The Santa Rita Jail in Alameda County, California, houses 4,000 inmates and has an electric load of about 3 MW, partly served via a smart microgrid, installed as a field demonstration of an autonomous and decentralized control concept.
As more clean and distributed resources come onto today's utility grids, critical loads are increasingly turning to microgrids to ensure power stability. New control technologies can help keep costs down, while allowing for increasing penetration of renewables.
The Santa Rita system includes solar, wind, battery storage and a fuel cell. And once assembled, "it just worked," said Robert Lasseter, an engineering professor at the University of Wisconsin and a principle investigator of the CERTS MIcrogrid Concept.
Typically, a microgrid will require expensive control components, along with site-specific commissioning that can also add time and expense. But the Santa Rita Jail system was largely a plug-and-play setup using the new concept.
"That was the biggest compliment I've ever gotten on this," Lasseter told Utility Dive. "You don't have to fine-tune in the field. If [components] test out in the factory, that's it."
CERTS stands for the Consortium for Electric Reliability Technology Solutions, and was multi-year collaboration funded by the U.S. Department of Energy's Office of Electricity. It brought together several national laboratories, universities and industry partners, including American Electric Power, which operated the test bed.
The basic idea was to develop a microgrid capable of operating using decentralized, autonomous control algorithms in order to allow active elements to operate in coordination. The approach can reduce the costs of some microgrids, a final report on the project concluded, by eliminating the need for a master controller or central storage unit to set voltage and frequency.
Microgrids rising
Microgrid deployment is on the rise — in the fourth quarter of 2018, Navigant Research identified 2,258 projects representing more than 19.5 GW of planned and installed power capacity around the world.

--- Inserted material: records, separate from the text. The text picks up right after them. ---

Lemma transport_at_extremum t x y : 0 <= t <= T ->
  (forall x' y', Am t x' y' <= Am t x y) \/ (forall x' y', Am t x y <= Am t x' y') ->
  At t x y = S_A f h0 omega nu (hm t x y) (Am t x y)
             + Am t x y * D t x y * (chi_A omega (Am t x y) - 1).
Proof.
  intros Ht Hext.
  assert (Hgrad : Ax t x y = 0 /\ Ay t x y = 0).
  { destruct Hext as [Hmax|Hmin]; split.
    - apply (is_derive_at_max (fun s => Am t s y) x); [apply HAx|intros z; apply Hmax].
    - apply (is_derive_at_max (fun s => Am t x s) y); [apply HAy|intros z; apply Hmax].
    - apply (is_derive_at_min (fun s => Am t s y) x); [apply HAx|intros z; apply Hmin].
    - apply (is_derive_at_min (fun s => Am t x s) y); [apply HAy|intros z; apply Hmin]. }
  pose proof (Htransport t x y Ht) as Heq.
  destruct Hgrad as [Hx Hy]. rewrite Hx, Hy in Heq. lra.
Qed.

At the same time, data from the National Renewable Energy Laboratory shows controller costs per megawatt range from $6,200 to $470,000, with a mean of $155,000. That's a wide range, but NREL also noted that controller costs "show a generally downward trend as capacity increases for projects with capacities of 2 MW or more."
"I hear more and more complaints that microgrids are too expensive," Lasseter said. But the CERTS approach to grid control can help lower costs, particularly for smaller systems.
The research focused on developing new methods for coordinating the operation of both directly-coupled distributed resources (like synchronous generators) and inverter-coupled sources (often solar, wind and energy storage).
"As a result of these innovations, autonomous control lowers the total cost of a microgrid compared to other designs because autonomous control greatly reduces the site-specific costs of commissioning and maintaining grid-independent operations," according to the project report, which was published in September.
Those costs are "significant," the report found, particularly for smaller microgrids with an aggregate installed generating capacity up to 20 MW. "Lowering these costs greatly improves the economics of smaller-scale microgrids," the report found.
Most inverters today are grid-following, he explained, meaning they need another source to provide voltage and frequency. Grid-following current source control, and grid-forming voltage source control, are two techniques that microgrids utilize to coordinate DERs behind an inverter and the grid.
The AEP test bed was located near Columbus, Ohio, and consisted initially of three Tecogen generators, four load banks and inverters with CERTS algorithms embedded.
The CERTS Microgrid Concept "entails operating each source as a grid-forming voltage source device," DOE's final report explains. "This may seem like a simple idea, but, historically, most inverter-based sources (such as PV and wind) have been designed to operate as grid-following current-source devices."
In simpler terms, said Lasseter, when using the CERTS control concept, "if you have a certain source and you change your load, you don't have to tell the source to do anything."
Commercializing the concept
The test bed was active from 2006 to 2017, though the research predates even that. Along with field projects, the collaboration also resulted in the commercialization of the concept. A company called Tecogen developed a gas combined heat and power system that utilizes the CERTS concept — and four of its units kept the lights on for five days, for a Greenwich Village, New York, luxury co-op building during Superstorm Sandy.
The final CERTS report notes that commissioning of both pre-commercial prototypes and commercial units for the project was "important for facilitating commercial adoption of successfully demonstrated innovations." To date, researchers say Tecogen has licensed CERTS algorithms for their InVerde 100 engine-generator, while Princeton Power Systems is using CERTS-compatible techniques on multiple energy storage product lines.
Lasseter has moved on from the CERTS project and is now working with Sandia National Laboratories on grid issues in Hawaii, where a high penetration of renewables has created frequency issues. The state is rapidly adding solar, but as more intermittent resources come onto the grid, there is a growing potential for instability.
"As more and more inverter-based small generators are put into our power system, how can we make sure it is stable?" asked Lasseter. Storage is one solution, but cost is often prohibitive, he Lasseter. New control ideas like the CERTS concept can allow for a greater renewables penetration and at a lower cost.
Utilities have thousands of distributed resources on their systems, he said. "You can't control them, it's too complicated. But you need them to behave appropriately," he said. "I think this will turn out to be a very good solution."